Donna led the way past her father, down the aisle to a door at the back. The office was dusty and disordered, the window glass smeared and the sills piled high with papers. Donna opened a closet door, pulled the chain on a light inside, and said, “I won’t let them throw these away. I say, ‘This is history, right here.’”
Isabel looked in. The floor and shelves were piled with ledger books. “I pretty much know where everything is,” Donna said. “What year do you want to try?”
“Nineteen twenty-two.”
“All righty. Sit down for a minute or two, why don’t you?”

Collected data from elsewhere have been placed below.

Lemma rb_fix_fixed p : E p -> rb rb_fix p = rb_fix p.
Proof.
move=> Ep; apply/subr0_eq/(geometric_bound_eq0 (D := 2 * C) sig0 sig1) => k.
have := rb_contract (fun p' Ep' => rb_fix_approx k Ep') Ep.
have := rb_fix_approx k.+1 Ep; rewrite exprS /=.
have Ck : 0 <= C * sig ^+ k by rewrite mulr_ge0 ?exprn_ge0.
have : sig * (C * sig ^+ k) <= C * sig ^+ k by rewrite ler_piMl // ltW.
move=> ? /ler_normlP[? ?] /ler_normlP[? ?].
by apply/ler_normlP; split; nra.
Qed.

End Iterates.

Lemma rb_fixpoint : exists f, {within E, continuous f} /\ forall p, E p -> rb f p = f p.
Proof.
have [p0 _ p0max] := compact_norm_max (@rect_compact R _ _ _ _) E_neq0
  (rb_iter_continuous (k := 1)).
exists (rb_fix `|rb (fun _ => 0) p0|).
by split; [apply: rb_fix_continuous | move=> p; apply: rb_fix_fixed].
Qed.

Lemma invariant_base_dense (A : set ((R * R) * R)) :
  A !=set0 -> A `<=` E `*` setT -> hutchinson n m Lx Ly s g h A `<=` A ->
  forall p e, E p -> 0 < e ->
  exists2 a, A a & `|a.1.1 - p.1| < e /\ `|a.1.2 - p.2| < e.
Proof.
move=> [a0 Aa0] AE HA p e Ep e0.
have [cx [cx0 cx1 Lx_c]] := uniform_contraction Lx_contraction.
have [cy [cy0 cy1 Ly_c]] := uniform_contraction Ly_contraction.
pose c := Num.max cx cy; pose D := (x n - x 0) + (y m - y 0).
have approx k p' : E p' -> exists2 a, A a &
    `|a.1.1 - p'.1| <= c ^+ k * D /\ `|a.1.2 - p'.2| <= c ^+ k * D.
  elim: k p' => [|k IH] p' Ep'.
    exists a0 => //; rewrite expr0 mul1r.
    have [[/andP[? ?] /andP[? ?]] _] := AE a0 Aa0; case: Ep' => /andP[? ?] /andP[? ?].
    by rewrite /D; split; apply/ler_normlP; split; lra.
  have [i [j Cp]] := E_cover Ep'; have [ir jr _] := Cp.
  have [a Aa [a1 a2]] := IH _ (Linv_E Cp); have [[Ea1 Ea2] _] := AE a Aa.
  have [EL1 EL2] := Linv_E Cp.
  exists (Wmap Lx Ly s g h i j a).
    by apply: HA; exists i, j; do 2!split => //; exists a.
  rewrite -[in X in `|_ - X.1|](Lmap_Linv Cp) -[in X in `|_ - X.2|](Lmap_Linv Cp) /=.
  rewrite exprS -mulrA; split.
    by apply: le_trans (Lx_c i ir _ _ Ea1 EL1) _; rewrite ler_pM ?le_max ?lexx.
  by apply: le_trans (Ly_c j jr _ _ Ea2 EL2) _; rewrite ler_pM ?le_max ?lexx ?orbT.
have D0 : 0 <= D.
  by case: E_neq0 => -[u v] [/andP[? ?] /andP[? ?]]; rewrite /D; lra.
have c0 : 0 <= c by rewrite le_max cx0.
have c1 : c < 1 by rewrite gt_max cx1 cy1.
have [k ck] := geometric_lt D0 c0 c1 e0.
have [a Aa [a1 a2]] := approx k p Ep.
by exists a => //; split; apply: le_lt_trans ck; rewrite mulrC.
Qed.

Section Graph.
Variable f : R * R -> R.
Hypothesis f_cont : {within E, continuous f}.
Hypothesis f_fix : forall p, E p -> rb f p = f p.

Let hutch := hutchinson n m Lx Ly s g h.

Lemma Wmap_graph i j a : (1 <= i <= n)%N -> (1 <= j <= m)%N -> E a.1 ->
  let p := Lmap Lx Ly i j a.1 in
  Wmap Lx Ly s g h i j a = (p, s i j p * (a.2 - f a.1) + f p).
Proof.
move=> ir jr Ea; have La := Lmap_in_cell ir jr Ea.
rewrite /Wmap -(f_fix (in_cell_E La)) (rb_cell f La) /piece Linv_Lmap //.
by congr pair; rewrite /Fmap /Qmap; ring.
Qed.

Lemma graph_invariant : graph_on E f = hutch (graph_on E f).
Proof.
apply/seteqP; split => [[p _] [/= Ep ->] | _ [i [j [ir [jr [[p _] [[/= Ep ->] ->]]]]]]].
  have [i [j Cp]] := E_cover Ep; have [ir jr _] := Cp; have Ep' := Linv_E Cp.
  exists i, j; do 2!split => //; exists (Linv i j p, f (Linv i j p)); split => //.
  by rewrite Wmap_graph //= Lmap_Linv // subrr mulr0 add0r.
rewrite Wmap_graph //= subrr mulr0 add0r; split => //.
exact: in_cell_E (Lmap_in_cell ir jr Ep).
Qed.

Lemma invariant_subset_graph A : compact A -> A `<=` E `*` setT ->
  A `<=` hutch A -> A `<=` graph_on E f.
Proof.
move=> cA AE AH w Aw; split; first exact: (AE w Aw).1.
have [c _ cmax] := compact_norm_max (f := snd) cA (ex_intro _ w Aw)
  (continuous_subspaceT (fun _ => cvg_snd)).
have [p0 _ p0max] := compact_norm_max (@rect_compact R _ _ _ _) E_neq0 f_cont.
have dist k a : A a -> `|a.2 - f a.1| <= (`|c.2| + `|f p0|) * sig ^+ k.
  elim: k a => [|k IH] a Aa.
    by rewrite mulr1 (le_trans (ler_normB _ _)) // lerD ?cmax ?p0max //; case: (AE a Aa).
  have [i [j [ir [jr [b [Ab ->]]]]]] := AH a Aa; have [Eb _] := AE b Ab.
  rewrite Wmap_graph //= addrK normrM exprS mulrCA.
  by rewrite ler_pM ?IH //; apply/sigP/Lmap_in_cell.
exact: subr0_eq (geometric_bound_eq0 sig0 sig1 (fun k => dist k w Aw)).
Qed.

Lemma graph_subset_invariant A : closed A -> A !=set0 -> A `<=` graph_on E f ->
  hutch A `<=` A -> graph_on E f `<=` A.
Proof.
move=> clA A0 AG HA [p _] [/= Ep ->]; apply: clA => B /nbhs_ballP [e e0 eB].
have AE : A `<=` E `*` setT by move=> a /AG [].
have [d d0 fd] := iffLR (within_continuousP _ _) f_cont p Ep e e0.
have de0 : 0 < Num.min d e by rewrite lt_min d0 e0.
have [a Aa] := invariant_base_dense A0 AE HA Ep de0.
rewrite !lt_min => -[/andP[a1d a1e] /andP[a2d a2e]].
have [Ea fa] := AG a Aa; exists a; split => //; apply: eB; split.
  by apply/ball_pairE; rewrite !(distrC p.1) !(distrC p.2).
rewrite -ball_normE /= fa; apply: fd => //.
by apply/ball_pairE; rewrite !(distrC p.1) !(distrC p.2).
Qed.

End Graph.

End Operator.

Lemma attractor_is_graph : exists f : R * R -> R,
  {within E, continuous f} /\
  graph_on E f = hutchinson n m Lx Ly s g h (graph_on E f) /\
  (forall A, compact A -> A !=set0 -> A `<=` E `*` setT ->
     A = hutchinson n m Lx Ly s g h A -> A = graph_on E f).
Proof.
have [gx gx_inv] := continuous_inverse_family Lx_homeo.
have [gy gy_inv] := continuous_inverse_family Ly_homeo.
have [sig [sig0 sig1 sigP]] := s_uniform_bound.
have [f [f_cont f_fix]] := rb_fixpoint gx_inv gy_inv sig0 sig1 sigP.
have f_inv := graph_invariant gx_inv gy_inv f_fix.
exists f; split => //; split; first exact: f_inv.
move=> A cA A0 AE AH; have AG : A `<=` graph_on E f.
  by apply: (invariant_subset_graph gx_inv gy_inv sig0 sig1 sigP) => //; rewrite -AH.
apply/seteqP; split => //; apply: (graph_subset_invariant gx_inv gy_inv) => //.
- exact: compact_closed (@norm_hausdorff _ _) cA.
- by rewrite -AH.
Qed.

End ReadBajraktarevic.

Theorem theorem1 (R : realType) (n m : nat) (x y : nat -> R) (z : nat -> nat -> R)
  (Lx Ly : nat -> R -> R) (q r : nat -> R -> R)
  (s g h : nat -> nat -> R * R -> R) :
  (1 <= n)%N -> (1 <= m)%N ->
  (forall i, (i < n)%N -> x i < x i.+1) ->
  (forall j, (j < m)%N -> y j < y j.+1) ->
  (forall i, (1 <= i <= n)%N ->
     homeo_on (cint (x 0%N) (x n)) (cint (x i.-1) (x i)) (Lx i) /\
     contraction_on (cint (x 0%N) (x n)) (Lx i) /\
     Lx i @` [set x 0%N; x n] = [set x i.-1; x i]) ->
  (forall j, (1 <= j <= m)%N ->
     homeo_on (cint (y 0%N) (y m)) (cint (y j.-1) (y j)) (Ly j) /\
     contraction_on (cint (y 0%N) (y m)) (Ly j) /\
     Ly j @` [set y 0%N; y m] = [set y j.-1; y j]) ->
  (forall a, (a <= n)%N ->
     {within cint (y 0%N) (y m), continuous (q a)} /\
     forall l, (l <= m)%N -> q a (y l) = z a l) ->
  (forall b, (b <= m)%N ->
     {within cint (x 0%N) (x n), continuous (r b)} /\
     forall k, (k <= n)%N -> r b (x k) = z k b) ->
  (forall i j, (1 <= i <= n)%N -> (1 <= j <= m)%N ->
     let Eij := rect (x i.-1) (x i) (y j.-1) (y j) in
     lipschitz2_on Eij (s i j) /\
     (forall p, Eij p -> `|s i j p| < 1) /\
     (forall t, cint (y j.-1) (y j) t ->
        s i j (x i.-1, t) = 0 /\ s i j (x i, t) = 0) /\
     (forall t, cint (x i.-1) (x i) t ->
        s i j (t, y j.-1) = 0 /\ s i j (t, y j) = 0) /\
     lipschitz2_on (rect (x 0%N) (x n) (y 0%N) (y m)) (g i j) /\
     lipschitz2_on Eij (h i j) /\
     (forall t, cint (y j.-1) (y j) t ->
        h i j (x i.-1, t) = q i.-1 t /\ h i j (x i, t) = q i t) /\
     (forall t, cint (x i.-1) (x i) t ->
        h i j (t, y j.-1) = r j.-1 t /\ h i j (t, y j) = r j t)) ->
  let E := rect (x 0%N) (x n) (y 0%N) (y m) in
  exists f : R * R -> R,
    {within E, continuous f} /\
    graph_on E f = hutchinson n m Lx Ly s g h (graph_on E f) /\
    (forall A : set ((R * R) * R),
       compact A -> A !=set0 -> A `<=` E `*` setT ->
       A = hutchinson n m Lx Ly s g h A ->
       A = graph_on E f).
Proof.
(* The endpoint conditions on [Lx], [Ly] and the data [q], [r], [z] beyond the
   edge values of [h] are not needed. *)
move=> n1 m1 x_incr y_incr HLx HLy _ _ cell_data E.
have Lx_homeo i (ir : (1 <= i <= n)%N) := proj1 (HLx i ir).
have Ly_homeo j (jr : (1 <= j <= m)%N) := proj1 (HLy j jr).
have Lx_contraction i (ir : (1 <= i <= n)%N) := proj1 (proj2 (HLx i ir)).
have Ly_contraction j (jr : (1 <= j <= m)%N) := proj1 (proj2 (HLy j jr)).
exact: (attractor_is_graph n1 m1 x_incr y_incr Lx_homeo Ly_homeo
  Lx_contraction Ly_contraction cell_data).
Qed.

Isabel settled in the desk chair and Donna disappeared into the closet. Moments later, Isabel heard several thuds, and Donna said, “Damnation!”
“Can I help?”
“Nope, just give me a minute. Nineteen twenty-two. Nineteen twenty-two. It’s here somewhere, you can take my word on that.”
Eventually, Donna emerged, looking cobwebby, with a ledger book under her arm. She dusted the book with the rag from her pocket, shoved some of the clutter on the desk aside, and put it down in front of Isabel. “When I was a little girl, I’d look at these books for hours,” she said. “It was as good as TV. There was a whole lot you could figure out from these books.”
She opened the ledger. The entries were written in fading brown ink in a fastidious copperplate hand. Donna turned the pages slowly, running her finger down the columns. She tapped the page. “There’s your grandma, isn’t it? Polly Anders, ten pounds of cornmeal?”
“Yes, it is.”
“And here she bought some lye. See? People made their own soap. Boiled the clothes out in the backyard.”
Yes, they had boiled the clothes. Isabel remembered the iron wash pot that had disappeared in the storm.
“Where are you, Pete?” Donna said. She turned a page. “Here we go. Granddaddy gave him five cents worth of tobacco on credit.”